Stored entries
################
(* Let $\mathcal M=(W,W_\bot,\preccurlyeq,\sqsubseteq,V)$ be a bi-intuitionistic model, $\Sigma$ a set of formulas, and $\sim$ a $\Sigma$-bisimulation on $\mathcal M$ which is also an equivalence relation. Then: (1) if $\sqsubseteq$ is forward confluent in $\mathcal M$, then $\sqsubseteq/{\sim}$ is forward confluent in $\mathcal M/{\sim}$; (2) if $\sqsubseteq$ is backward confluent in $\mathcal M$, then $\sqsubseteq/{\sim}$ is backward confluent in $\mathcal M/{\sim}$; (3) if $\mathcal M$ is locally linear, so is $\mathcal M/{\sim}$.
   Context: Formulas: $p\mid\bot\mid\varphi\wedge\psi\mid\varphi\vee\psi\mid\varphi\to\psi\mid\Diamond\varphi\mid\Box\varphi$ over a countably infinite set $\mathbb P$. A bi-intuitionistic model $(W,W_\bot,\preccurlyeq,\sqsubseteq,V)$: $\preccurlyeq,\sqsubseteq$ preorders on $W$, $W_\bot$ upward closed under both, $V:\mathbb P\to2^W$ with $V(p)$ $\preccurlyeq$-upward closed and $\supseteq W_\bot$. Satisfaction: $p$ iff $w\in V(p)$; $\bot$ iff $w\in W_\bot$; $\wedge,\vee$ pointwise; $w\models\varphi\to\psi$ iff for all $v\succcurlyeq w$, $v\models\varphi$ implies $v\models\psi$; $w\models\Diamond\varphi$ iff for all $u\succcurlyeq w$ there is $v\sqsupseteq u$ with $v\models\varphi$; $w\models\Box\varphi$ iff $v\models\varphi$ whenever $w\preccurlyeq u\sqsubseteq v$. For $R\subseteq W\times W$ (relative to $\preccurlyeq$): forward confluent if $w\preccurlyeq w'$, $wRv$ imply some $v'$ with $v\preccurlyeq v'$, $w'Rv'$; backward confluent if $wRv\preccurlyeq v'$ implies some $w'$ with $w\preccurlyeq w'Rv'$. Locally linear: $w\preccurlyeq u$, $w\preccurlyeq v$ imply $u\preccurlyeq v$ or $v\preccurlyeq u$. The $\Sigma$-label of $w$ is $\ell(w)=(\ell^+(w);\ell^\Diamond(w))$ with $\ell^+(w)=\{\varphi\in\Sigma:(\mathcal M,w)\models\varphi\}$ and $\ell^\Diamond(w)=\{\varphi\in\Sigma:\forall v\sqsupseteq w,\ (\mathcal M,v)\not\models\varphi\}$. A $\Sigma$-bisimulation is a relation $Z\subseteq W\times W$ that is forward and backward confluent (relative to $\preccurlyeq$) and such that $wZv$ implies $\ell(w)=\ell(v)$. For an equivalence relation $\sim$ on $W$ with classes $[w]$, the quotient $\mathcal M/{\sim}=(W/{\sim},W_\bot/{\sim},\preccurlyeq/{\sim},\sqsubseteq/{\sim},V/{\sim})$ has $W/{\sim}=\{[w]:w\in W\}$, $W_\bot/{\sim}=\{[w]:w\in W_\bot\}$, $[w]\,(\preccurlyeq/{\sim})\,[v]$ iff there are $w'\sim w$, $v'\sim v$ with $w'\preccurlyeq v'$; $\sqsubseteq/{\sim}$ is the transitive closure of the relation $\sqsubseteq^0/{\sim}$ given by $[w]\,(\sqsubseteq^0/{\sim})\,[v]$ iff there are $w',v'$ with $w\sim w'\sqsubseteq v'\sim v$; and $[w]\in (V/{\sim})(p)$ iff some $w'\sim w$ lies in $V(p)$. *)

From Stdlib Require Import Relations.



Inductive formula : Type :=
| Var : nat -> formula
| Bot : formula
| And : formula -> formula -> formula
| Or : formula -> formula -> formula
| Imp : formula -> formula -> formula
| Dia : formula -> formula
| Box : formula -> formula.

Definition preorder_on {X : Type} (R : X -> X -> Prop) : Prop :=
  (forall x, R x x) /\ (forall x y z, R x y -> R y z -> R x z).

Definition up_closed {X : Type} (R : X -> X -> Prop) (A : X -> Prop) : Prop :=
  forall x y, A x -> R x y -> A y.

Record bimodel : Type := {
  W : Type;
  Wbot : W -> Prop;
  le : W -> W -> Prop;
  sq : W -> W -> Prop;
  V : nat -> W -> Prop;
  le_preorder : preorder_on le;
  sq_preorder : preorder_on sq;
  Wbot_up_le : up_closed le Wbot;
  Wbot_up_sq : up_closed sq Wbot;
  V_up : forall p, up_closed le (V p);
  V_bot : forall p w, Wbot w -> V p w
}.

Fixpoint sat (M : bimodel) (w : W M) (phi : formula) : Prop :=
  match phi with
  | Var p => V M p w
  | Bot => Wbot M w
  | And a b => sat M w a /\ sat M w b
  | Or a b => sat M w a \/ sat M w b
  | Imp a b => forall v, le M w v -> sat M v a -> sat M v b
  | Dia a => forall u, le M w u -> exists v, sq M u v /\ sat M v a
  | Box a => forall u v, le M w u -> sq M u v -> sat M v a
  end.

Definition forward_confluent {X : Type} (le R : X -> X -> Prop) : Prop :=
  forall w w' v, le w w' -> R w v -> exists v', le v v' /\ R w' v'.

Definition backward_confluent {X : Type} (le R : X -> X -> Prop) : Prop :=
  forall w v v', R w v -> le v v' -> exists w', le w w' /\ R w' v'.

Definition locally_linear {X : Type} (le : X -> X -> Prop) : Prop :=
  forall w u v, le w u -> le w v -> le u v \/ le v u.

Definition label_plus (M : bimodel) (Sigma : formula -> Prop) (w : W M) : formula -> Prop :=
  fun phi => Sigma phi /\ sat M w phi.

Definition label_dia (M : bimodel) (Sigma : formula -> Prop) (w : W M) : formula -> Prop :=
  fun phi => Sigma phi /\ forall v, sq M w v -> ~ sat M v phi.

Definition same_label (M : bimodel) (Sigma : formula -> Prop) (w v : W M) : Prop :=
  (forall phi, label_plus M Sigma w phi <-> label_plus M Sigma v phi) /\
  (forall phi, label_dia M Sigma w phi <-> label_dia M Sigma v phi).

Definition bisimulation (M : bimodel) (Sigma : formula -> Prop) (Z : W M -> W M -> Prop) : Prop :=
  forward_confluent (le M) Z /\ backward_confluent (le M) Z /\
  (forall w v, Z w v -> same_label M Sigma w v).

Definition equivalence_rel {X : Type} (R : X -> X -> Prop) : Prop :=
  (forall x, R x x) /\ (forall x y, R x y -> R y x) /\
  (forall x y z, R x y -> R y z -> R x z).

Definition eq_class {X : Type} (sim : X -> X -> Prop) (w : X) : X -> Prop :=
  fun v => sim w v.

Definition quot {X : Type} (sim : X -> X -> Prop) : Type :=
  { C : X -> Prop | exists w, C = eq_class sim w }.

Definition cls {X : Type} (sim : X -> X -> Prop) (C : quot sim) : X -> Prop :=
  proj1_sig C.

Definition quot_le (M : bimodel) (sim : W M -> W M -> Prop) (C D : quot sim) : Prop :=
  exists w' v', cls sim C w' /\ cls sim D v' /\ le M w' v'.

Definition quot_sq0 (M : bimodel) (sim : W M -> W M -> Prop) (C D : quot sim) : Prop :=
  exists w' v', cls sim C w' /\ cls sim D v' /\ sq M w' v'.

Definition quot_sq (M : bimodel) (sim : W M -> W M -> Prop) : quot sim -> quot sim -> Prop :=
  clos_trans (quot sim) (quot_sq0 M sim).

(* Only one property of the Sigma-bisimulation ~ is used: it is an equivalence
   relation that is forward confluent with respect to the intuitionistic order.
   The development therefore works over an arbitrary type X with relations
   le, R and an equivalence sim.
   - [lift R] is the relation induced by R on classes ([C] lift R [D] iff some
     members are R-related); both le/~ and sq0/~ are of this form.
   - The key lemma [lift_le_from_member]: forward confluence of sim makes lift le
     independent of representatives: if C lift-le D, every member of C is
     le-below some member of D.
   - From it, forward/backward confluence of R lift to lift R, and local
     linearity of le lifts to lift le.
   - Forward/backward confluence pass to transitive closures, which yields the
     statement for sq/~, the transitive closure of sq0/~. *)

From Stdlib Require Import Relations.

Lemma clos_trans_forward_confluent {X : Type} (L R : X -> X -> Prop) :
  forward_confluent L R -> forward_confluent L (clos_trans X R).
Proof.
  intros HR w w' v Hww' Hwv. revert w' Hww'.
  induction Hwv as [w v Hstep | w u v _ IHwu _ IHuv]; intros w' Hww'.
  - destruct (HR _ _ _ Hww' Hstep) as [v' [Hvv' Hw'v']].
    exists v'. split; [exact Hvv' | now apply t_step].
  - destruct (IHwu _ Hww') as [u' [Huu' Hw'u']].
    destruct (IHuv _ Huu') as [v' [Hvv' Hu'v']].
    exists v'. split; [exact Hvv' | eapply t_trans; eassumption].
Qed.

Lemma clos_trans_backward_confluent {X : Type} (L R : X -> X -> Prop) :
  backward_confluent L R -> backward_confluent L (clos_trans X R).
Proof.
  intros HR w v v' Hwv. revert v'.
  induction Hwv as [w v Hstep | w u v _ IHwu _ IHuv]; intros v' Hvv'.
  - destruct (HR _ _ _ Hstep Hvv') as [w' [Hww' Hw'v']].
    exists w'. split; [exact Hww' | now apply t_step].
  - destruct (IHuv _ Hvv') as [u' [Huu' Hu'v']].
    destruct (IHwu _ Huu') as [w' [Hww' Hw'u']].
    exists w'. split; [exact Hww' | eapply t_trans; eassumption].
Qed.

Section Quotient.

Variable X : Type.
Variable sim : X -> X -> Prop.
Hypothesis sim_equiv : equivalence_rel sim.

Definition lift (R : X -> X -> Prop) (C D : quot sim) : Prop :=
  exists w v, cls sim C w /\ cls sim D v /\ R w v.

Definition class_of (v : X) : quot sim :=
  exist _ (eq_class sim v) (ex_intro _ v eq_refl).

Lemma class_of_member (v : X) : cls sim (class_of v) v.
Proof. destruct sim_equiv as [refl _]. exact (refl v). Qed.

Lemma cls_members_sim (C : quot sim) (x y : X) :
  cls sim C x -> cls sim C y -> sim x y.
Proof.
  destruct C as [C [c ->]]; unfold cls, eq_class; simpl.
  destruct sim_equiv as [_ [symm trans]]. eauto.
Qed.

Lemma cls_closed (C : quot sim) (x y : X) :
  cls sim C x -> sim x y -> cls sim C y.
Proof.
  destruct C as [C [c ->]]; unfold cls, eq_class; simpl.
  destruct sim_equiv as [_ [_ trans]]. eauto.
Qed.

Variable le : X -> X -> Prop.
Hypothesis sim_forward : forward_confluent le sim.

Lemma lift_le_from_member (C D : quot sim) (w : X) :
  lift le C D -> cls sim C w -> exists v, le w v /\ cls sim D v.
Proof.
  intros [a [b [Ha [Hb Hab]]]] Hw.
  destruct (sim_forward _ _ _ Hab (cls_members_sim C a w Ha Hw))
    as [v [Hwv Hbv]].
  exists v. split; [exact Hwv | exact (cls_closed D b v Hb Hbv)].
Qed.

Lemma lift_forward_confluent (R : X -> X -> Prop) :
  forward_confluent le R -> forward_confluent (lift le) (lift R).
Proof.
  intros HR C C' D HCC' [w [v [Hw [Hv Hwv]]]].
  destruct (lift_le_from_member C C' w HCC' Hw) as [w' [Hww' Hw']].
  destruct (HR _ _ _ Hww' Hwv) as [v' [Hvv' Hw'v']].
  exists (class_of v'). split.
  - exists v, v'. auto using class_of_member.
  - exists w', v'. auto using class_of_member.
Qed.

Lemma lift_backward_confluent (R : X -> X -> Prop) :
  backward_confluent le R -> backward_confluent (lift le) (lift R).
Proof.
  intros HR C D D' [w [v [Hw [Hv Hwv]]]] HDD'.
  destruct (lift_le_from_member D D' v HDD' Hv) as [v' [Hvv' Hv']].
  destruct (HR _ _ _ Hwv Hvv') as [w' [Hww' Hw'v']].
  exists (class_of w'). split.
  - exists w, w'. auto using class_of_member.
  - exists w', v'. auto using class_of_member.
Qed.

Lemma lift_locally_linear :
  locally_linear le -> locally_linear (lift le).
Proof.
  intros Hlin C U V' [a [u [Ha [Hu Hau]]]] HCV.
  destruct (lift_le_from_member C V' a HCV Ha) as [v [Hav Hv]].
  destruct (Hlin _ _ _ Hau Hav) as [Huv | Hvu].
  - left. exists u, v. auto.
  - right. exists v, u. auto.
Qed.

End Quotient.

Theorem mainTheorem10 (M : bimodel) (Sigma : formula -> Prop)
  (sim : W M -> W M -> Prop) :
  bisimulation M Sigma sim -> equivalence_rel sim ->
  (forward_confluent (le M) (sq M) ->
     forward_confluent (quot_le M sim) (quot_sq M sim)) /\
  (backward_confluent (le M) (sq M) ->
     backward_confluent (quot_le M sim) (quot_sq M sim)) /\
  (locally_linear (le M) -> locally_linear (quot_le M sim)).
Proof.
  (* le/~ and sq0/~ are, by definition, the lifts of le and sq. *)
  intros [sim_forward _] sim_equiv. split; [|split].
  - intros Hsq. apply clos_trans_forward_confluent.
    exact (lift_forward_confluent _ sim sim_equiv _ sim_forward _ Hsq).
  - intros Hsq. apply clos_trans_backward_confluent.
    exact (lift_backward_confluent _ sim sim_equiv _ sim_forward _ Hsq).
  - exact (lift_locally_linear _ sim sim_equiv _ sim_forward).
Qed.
################
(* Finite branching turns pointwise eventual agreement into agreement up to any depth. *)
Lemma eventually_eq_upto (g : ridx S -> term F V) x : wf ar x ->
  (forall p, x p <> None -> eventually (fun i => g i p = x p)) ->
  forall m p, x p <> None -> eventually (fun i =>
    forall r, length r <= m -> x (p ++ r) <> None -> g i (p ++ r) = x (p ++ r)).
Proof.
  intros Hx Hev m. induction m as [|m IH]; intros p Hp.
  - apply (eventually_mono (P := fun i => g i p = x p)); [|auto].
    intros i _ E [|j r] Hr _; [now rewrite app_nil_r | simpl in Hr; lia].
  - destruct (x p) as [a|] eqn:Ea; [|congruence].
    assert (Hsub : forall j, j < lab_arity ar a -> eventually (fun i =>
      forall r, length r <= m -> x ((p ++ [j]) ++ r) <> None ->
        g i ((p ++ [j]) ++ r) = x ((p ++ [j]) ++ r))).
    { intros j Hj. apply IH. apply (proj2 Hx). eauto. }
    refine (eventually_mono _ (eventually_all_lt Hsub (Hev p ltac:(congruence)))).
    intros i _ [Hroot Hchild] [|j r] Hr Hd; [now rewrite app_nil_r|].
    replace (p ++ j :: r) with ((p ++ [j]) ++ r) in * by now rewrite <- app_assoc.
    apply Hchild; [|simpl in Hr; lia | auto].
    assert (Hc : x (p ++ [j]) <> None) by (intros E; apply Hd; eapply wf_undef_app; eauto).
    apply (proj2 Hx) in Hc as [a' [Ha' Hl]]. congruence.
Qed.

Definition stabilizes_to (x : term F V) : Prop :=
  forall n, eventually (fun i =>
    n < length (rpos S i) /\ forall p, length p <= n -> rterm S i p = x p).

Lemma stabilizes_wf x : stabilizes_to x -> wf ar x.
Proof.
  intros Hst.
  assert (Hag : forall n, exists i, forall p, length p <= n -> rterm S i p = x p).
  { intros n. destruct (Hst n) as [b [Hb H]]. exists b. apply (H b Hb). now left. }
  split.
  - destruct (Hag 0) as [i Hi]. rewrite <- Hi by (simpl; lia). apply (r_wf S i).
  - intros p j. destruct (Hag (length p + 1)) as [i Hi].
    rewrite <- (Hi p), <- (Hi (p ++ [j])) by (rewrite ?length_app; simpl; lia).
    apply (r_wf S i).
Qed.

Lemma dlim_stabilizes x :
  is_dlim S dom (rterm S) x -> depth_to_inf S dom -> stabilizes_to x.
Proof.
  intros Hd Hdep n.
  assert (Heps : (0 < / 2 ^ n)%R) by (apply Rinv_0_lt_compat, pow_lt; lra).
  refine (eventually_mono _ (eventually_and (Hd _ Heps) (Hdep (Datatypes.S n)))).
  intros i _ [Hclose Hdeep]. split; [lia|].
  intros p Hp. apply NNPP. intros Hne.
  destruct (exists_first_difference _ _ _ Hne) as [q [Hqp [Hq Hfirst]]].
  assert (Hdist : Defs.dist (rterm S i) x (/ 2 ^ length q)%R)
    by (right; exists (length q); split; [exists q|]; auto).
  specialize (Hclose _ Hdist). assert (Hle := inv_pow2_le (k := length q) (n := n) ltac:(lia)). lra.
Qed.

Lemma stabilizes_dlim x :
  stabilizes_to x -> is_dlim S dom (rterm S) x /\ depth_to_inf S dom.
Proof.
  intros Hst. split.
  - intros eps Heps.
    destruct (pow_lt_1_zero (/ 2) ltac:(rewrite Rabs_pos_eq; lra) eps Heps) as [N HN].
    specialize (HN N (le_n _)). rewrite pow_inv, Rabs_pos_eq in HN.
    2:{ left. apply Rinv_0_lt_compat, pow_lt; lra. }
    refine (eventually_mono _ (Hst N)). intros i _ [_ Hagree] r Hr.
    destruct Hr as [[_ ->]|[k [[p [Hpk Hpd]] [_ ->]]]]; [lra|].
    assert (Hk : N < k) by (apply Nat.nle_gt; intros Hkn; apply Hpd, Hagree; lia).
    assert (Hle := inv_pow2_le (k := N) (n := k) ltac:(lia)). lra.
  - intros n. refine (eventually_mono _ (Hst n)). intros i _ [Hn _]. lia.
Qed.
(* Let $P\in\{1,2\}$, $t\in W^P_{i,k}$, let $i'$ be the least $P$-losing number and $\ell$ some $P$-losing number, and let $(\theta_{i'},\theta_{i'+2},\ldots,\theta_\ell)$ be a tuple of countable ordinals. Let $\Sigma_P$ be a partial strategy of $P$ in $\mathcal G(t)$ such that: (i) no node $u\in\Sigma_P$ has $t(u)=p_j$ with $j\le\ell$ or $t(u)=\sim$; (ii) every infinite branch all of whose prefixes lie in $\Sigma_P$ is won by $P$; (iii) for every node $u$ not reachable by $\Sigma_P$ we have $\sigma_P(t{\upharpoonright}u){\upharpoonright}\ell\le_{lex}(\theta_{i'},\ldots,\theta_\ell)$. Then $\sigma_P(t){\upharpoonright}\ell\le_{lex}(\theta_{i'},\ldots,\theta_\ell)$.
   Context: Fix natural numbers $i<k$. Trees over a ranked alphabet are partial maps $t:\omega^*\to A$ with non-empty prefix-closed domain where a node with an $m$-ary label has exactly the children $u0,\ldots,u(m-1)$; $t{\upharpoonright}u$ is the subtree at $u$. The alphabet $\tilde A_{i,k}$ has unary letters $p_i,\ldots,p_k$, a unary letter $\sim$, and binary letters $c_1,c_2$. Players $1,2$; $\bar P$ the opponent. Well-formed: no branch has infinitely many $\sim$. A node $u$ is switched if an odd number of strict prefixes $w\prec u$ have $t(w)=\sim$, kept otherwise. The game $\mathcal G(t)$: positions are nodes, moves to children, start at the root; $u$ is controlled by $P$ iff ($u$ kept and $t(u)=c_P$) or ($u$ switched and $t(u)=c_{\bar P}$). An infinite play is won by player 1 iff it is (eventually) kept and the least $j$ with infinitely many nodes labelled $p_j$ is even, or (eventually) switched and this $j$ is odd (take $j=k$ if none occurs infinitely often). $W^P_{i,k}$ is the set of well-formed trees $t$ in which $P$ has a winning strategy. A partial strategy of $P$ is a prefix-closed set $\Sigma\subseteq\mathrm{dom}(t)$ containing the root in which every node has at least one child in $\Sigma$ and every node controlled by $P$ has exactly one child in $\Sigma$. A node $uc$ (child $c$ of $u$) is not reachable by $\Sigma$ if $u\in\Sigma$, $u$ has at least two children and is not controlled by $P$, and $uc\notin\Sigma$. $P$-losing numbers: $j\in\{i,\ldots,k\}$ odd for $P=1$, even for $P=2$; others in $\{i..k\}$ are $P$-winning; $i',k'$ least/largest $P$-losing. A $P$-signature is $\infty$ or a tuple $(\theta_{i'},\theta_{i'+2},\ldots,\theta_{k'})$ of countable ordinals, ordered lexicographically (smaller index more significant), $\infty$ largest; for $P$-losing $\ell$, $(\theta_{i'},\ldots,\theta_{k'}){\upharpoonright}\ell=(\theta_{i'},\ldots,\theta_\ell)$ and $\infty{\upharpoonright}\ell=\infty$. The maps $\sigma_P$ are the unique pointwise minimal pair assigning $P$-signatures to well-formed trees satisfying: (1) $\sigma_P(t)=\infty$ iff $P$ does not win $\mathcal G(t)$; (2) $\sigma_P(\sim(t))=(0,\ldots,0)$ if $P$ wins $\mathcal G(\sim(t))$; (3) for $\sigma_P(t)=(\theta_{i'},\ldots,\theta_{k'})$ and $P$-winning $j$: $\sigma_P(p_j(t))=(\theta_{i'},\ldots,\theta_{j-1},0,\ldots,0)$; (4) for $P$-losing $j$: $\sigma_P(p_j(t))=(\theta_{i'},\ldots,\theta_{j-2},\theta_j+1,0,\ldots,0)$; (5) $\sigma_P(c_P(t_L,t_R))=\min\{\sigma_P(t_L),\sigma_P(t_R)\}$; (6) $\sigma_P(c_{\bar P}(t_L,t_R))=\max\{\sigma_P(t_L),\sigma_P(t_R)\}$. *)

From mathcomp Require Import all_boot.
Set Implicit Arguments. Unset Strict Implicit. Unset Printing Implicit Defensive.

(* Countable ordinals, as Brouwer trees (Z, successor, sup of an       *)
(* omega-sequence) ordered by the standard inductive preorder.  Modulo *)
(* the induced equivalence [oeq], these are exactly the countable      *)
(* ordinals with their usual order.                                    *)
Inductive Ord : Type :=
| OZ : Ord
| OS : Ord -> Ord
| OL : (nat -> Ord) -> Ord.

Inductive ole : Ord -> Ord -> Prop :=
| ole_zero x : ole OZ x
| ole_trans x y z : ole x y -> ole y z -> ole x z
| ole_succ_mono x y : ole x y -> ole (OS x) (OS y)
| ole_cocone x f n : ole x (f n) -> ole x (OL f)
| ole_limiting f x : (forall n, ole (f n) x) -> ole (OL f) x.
################
▶ _What you need to do_
What is the number of lines in the data holding the word "rewrite"? Reply with that number only.

▶ _Written response_
7